[Items from a dataset]
>>

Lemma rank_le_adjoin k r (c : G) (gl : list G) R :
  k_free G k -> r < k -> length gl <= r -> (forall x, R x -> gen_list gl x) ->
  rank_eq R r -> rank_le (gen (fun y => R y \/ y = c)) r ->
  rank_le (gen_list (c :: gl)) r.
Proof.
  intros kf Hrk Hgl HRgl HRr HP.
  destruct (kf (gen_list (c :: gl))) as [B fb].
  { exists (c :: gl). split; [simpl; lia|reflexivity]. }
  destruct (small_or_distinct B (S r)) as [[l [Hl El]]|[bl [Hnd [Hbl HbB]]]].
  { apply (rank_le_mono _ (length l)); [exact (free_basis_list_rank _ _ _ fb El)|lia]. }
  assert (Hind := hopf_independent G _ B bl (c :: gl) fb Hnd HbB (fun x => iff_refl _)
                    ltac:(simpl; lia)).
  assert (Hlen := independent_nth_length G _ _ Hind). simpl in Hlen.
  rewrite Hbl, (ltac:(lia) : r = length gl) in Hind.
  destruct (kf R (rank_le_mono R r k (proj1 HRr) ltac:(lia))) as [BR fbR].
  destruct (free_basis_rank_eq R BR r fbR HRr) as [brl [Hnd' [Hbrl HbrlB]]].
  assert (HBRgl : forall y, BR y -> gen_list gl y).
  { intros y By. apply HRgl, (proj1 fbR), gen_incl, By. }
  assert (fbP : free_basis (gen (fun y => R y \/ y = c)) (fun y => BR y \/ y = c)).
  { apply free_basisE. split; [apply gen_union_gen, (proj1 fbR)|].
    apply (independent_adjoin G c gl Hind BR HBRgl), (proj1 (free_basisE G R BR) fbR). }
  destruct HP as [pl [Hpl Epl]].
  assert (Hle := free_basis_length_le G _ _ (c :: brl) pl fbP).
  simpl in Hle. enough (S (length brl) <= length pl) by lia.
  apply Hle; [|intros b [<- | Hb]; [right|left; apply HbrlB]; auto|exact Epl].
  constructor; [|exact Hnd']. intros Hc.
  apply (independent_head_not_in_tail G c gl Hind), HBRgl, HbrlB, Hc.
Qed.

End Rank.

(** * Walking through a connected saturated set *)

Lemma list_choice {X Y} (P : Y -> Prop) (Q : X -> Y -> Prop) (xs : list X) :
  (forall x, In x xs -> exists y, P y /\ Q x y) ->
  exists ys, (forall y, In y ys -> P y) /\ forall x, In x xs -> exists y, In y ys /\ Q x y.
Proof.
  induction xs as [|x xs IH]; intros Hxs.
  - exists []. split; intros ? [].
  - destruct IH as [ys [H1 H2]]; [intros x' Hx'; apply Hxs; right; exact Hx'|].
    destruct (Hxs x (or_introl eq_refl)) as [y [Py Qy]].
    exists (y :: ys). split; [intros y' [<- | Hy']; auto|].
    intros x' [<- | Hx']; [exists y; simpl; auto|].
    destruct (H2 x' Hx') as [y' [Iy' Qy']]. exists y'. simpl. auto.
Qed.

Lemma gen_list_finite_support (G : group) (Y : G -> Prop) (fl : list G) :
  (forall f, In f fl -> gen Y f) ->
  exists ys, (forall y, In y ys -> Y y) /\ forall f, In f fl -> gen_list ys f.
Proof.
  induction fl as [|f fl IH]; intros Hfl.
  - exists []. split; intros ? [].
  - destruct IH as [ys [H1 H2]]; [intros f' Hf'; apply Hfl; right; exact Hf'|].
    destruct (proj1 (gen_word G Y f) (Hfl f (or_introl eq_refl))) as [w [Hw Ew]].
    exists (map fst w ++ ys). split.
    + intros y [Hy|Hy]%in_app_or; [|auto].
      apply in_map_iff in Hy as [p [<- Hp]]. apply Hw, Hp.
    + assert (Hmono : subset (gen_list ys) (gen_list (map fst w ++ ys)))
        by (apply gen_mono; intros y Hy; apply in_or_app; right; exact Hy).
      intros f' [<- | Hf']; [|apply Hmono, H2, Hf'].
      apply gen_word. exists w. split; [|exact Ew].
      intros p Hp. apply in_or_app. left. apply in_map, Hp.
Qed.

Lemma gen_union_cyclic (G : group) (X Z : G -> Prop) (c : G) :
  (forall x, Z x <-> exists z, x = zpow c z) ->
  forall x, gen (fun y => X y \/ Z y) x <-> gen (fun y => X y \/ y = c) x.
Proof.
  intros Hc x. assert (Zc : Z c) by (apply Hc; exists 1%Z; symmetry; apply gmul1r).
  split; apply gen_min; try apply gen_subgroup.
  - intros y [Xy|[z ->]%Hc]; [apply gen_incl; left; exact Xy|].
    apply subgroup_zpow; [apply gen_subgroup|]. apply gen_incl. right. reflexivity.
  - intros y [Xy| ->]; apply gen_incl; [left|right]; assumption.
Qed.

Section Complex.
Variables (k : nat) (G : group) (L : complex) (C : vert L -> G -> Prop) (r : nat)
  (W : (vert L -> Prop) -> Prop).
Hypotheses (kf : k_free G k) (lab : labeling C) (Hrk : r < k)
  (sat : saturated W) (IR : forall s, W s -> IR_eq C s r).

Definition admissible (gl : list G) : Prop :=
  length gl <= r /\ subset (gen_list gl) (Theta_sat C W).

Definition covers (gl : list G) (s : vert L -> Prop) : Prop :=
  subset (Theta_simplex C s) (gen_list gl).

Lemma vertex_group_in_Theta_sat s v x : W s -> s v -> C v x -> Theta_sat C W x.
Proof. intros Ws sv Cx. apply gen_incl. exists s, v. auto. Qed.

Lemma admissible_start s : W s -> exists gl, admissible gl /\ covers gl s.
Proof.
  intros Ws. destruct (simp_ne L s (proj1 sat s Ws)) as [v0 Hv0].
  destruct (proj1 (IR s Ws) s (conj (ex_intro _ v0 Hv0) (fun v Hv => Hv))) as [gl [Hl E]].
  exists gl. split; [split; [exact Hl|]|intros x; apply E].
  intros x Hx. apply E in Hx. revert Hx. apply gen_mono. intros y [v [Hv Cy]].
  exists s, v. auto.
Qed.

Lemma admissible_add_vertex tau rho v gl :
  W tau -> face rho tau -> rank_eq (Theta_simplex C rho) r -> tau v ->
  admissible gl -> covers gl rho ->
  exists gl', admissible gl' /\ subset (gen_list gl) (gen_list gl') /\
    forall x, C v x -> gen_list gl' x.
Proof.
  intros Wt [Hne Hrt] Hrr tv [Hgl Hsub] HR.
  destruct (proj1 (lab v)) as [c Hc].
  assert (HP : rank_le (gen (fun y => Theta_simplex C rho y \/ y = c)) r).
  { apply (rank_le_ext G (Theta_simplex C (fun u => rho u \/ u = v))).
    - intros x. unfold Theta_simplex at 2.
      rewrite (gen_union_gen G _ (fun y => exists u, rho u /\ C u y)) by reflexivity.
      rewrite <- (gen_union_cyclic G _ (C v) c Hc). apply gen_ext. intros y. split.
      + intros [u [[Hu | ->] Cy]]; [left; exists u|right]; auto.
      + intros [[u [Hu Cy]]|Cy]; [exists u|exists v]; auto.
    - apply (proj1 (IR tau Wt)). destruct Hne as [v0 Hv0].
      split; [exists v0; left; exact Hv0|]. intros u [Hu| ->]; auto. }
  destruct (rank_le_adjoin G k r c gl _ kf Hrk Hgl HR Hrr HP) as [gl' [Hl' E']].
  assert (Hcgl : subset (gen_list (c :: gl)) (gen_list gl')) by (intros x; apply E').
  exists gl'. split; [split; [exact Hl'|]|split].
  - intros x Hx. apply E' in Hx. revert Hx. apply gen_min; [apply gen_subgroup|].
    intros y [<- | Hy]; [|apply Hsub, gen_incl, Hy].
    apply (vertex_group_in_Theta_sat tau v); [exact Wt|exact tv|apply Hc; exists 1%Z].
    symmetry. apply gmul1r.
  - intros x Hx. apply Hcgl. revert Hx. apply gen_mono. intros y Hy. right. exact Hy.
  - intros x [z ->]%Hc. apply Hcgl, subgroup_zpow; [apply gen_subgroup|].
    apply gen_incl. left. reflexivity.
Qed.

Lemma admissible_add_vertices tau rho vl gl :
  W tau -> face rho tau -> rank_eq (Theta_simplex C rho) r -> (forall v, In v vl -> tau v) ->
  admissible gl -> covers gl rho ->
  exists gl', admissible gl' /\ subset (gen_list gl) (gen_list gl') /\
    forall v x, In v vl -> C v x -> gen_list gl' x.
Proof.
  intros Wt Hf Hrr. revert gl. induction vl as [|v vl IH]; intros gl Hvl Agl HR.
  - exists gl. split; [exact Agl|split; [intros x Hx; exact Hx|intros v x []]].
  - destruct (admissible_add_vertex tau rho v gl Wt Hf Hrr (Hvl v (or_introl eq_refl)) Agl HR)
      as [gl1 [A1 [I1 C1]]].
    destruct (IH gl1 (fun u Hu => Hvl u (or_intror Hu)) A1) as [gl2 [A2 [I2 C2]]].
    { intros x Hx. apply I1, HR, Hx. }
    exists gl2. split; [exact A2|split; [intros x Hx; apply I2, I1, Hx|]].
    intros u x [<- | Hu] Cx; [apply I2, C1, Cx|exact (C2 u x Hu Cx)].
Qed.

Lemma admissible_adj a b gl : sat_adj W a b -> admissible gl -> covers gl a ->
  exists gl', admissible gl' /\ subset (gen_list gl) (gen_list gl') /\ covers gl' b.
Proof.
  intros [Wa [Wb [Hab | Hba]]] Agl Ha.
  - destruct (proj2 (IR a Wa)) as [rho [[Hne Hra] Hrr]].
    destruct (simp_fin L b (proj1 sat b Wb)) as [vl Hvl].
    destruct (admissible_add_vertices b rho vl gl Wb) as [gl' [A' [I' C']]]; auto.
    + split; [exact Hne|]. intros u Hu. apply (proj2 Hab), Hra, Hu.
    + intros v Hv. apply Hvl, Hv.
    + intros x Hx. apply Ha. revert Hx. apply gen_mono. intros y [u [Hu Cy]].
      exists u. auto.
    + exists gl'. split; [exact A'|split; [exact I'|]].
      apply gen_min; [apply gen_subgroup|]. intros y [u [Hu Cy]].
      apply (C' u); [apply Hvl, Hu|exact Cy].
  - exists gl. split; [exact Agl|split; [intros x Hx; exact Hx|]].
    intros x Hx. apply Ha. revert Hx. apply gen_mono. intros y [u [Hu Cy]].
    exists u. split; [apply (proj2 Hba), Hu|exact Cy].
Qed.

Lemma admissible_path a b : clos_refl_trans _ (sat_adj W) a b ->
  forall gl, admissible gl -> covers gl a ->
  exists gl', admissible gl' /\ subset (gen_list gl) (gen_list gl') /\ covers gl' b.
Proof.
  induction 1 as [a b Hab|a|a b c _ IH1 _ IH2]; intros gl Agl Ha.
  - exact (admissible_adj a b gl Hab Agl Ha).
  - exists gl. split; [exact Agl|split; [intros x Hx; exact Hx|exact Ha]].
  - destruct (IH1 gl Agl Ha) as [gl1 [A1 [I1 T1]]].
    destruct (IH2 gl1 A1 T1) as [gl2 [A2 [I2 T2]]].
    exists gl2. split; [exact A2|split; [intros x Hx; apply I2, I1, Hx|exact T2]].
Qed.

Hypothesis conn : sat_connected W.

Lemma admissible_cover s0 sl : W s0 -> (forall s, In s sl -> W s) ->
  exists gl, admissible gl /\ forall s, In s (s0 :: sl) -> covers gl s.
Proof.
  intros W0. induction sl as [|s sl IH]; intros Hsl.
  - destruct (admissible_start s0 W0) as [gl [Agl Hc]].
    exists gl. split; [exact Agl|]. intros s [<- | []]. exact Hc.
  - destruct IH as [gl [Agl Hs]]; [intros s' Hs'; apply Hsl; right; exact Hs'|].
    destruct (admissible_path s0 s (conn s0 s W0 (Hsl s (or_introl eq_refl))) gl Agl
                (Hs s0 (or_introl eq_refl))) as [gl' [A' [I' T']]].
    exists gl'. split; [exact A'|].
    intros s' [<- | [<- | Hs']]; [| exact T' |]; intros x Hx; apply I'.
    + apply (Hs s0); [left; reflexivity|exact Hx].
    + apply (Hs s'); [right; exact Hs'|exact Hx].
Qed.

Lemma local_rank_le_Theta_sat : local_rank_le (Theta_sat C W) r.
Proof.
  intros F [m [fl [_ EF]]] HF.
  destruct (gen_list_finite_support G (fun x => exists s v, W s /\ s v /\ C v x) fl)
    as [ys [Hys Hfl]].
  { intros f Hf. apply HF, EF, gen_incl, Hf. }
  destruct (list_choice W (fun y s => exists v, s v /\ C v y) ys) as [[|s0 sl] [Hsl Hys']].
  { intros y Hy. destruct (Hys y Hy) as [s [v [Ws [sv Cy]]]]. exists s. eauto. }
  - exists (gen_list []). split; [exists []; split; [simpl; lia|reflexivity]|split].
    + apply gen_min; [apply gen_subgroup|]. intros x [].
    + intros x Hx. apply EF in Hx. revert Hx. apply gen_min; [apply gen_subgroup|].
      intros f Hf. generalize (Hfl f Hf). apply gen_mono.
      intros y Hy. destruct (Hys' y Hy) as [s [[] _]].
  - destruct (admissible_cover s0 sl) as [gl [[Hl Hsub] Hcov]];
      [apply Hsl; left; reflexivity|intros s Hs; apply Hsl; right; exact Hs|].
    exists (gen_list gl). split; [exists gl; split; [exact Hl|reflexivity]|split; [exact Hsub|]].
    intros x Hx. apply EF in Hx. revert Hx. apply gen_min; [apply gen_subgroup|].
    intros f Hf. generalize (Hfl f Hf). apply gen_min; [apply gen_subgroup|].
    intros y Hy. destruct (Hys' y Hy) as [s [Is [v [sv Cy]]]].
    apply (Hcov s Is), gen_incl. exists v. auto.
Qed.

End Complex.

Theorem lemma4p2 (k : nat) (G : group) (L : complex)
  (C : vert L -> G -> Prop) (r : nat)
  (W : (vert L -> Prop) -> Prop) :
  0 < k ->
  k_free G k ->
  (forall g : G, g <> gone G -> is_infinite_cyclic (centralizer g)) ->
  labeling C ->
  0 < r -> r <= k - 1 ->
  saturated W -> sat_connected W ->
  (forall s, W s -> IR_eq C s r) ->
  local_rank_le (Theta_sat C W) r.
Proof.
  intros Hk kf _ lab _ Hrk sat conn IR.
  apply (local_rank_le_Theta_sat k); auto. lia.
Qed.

<<

• **Directions**: Quote the data above verbatim from its first line to the line that includes "apply (independent_adjoin G", with both boundary lines retained.

• **Written answer**:
Lemma rank_le_adjoin k r (c : G) (gl : list G) R :
  k_free G k -> r < k -> length gl <= r -> (forall x, R x -> gen_list gl x) ->
  rank_eq R r -> rank_le (gen (fun y => R y \/ y = c)) r ->
  rank_le (gen_list (c :: gl)) r.
Proof.
  intros kf Hrk Hgl HRgl HRr HP.
  destruct (kf (gen_list (c :: gl))) as [B fb].
  { exists (c :: gl). split; [simpl; lia|reflexivity]. }
  destruct (small_or_distinct B (S r)) as [[l [Hl El]]|[bl [Hnd [Hbl HbB]]]].
  { apply (rank_le_mono _ (length l)); [exact (free_basis_list_rank _ _ _ fb El)|lia]. }
  assert (Hind := hopf_independent G _ B bl (c :: gl) fb Hnd HbB (fun x => iff_refl _)
                    ltac:(simpl; lia)).
  assert (Hlen := independent_nth_length G _ _ Hind). simpl in Hlen.
  rewrite Hbl, (ltac:(lia) : r = length gl) in Hind.
  destruct (kf R (rank_le_mono R r k (proj1 HRr) ltac:(lia))) as [BR fbR].
  destruct (free_basis_rank_eq R BR r fbR HRr) as [brl [Hnd' [Hbrl HbrlB]]].
  assert (HBRgl : forall y, BR y -> gen_list gl y).
  { intros y By. apply HRgl, (proj1 fbR), gen_incl, By. }
  assert (fbP : free_basis (gen (fun y => R y \/ y = c)) (fun y => BR y \/ y = c)).
  { apply free_basisE. split; [apply gen_union_gen, (proj1 fbR)|].
    apply (independent_adjoin G c gl Hind BR HBRgl), (proj1 (free_basisE G R BR) fbR). }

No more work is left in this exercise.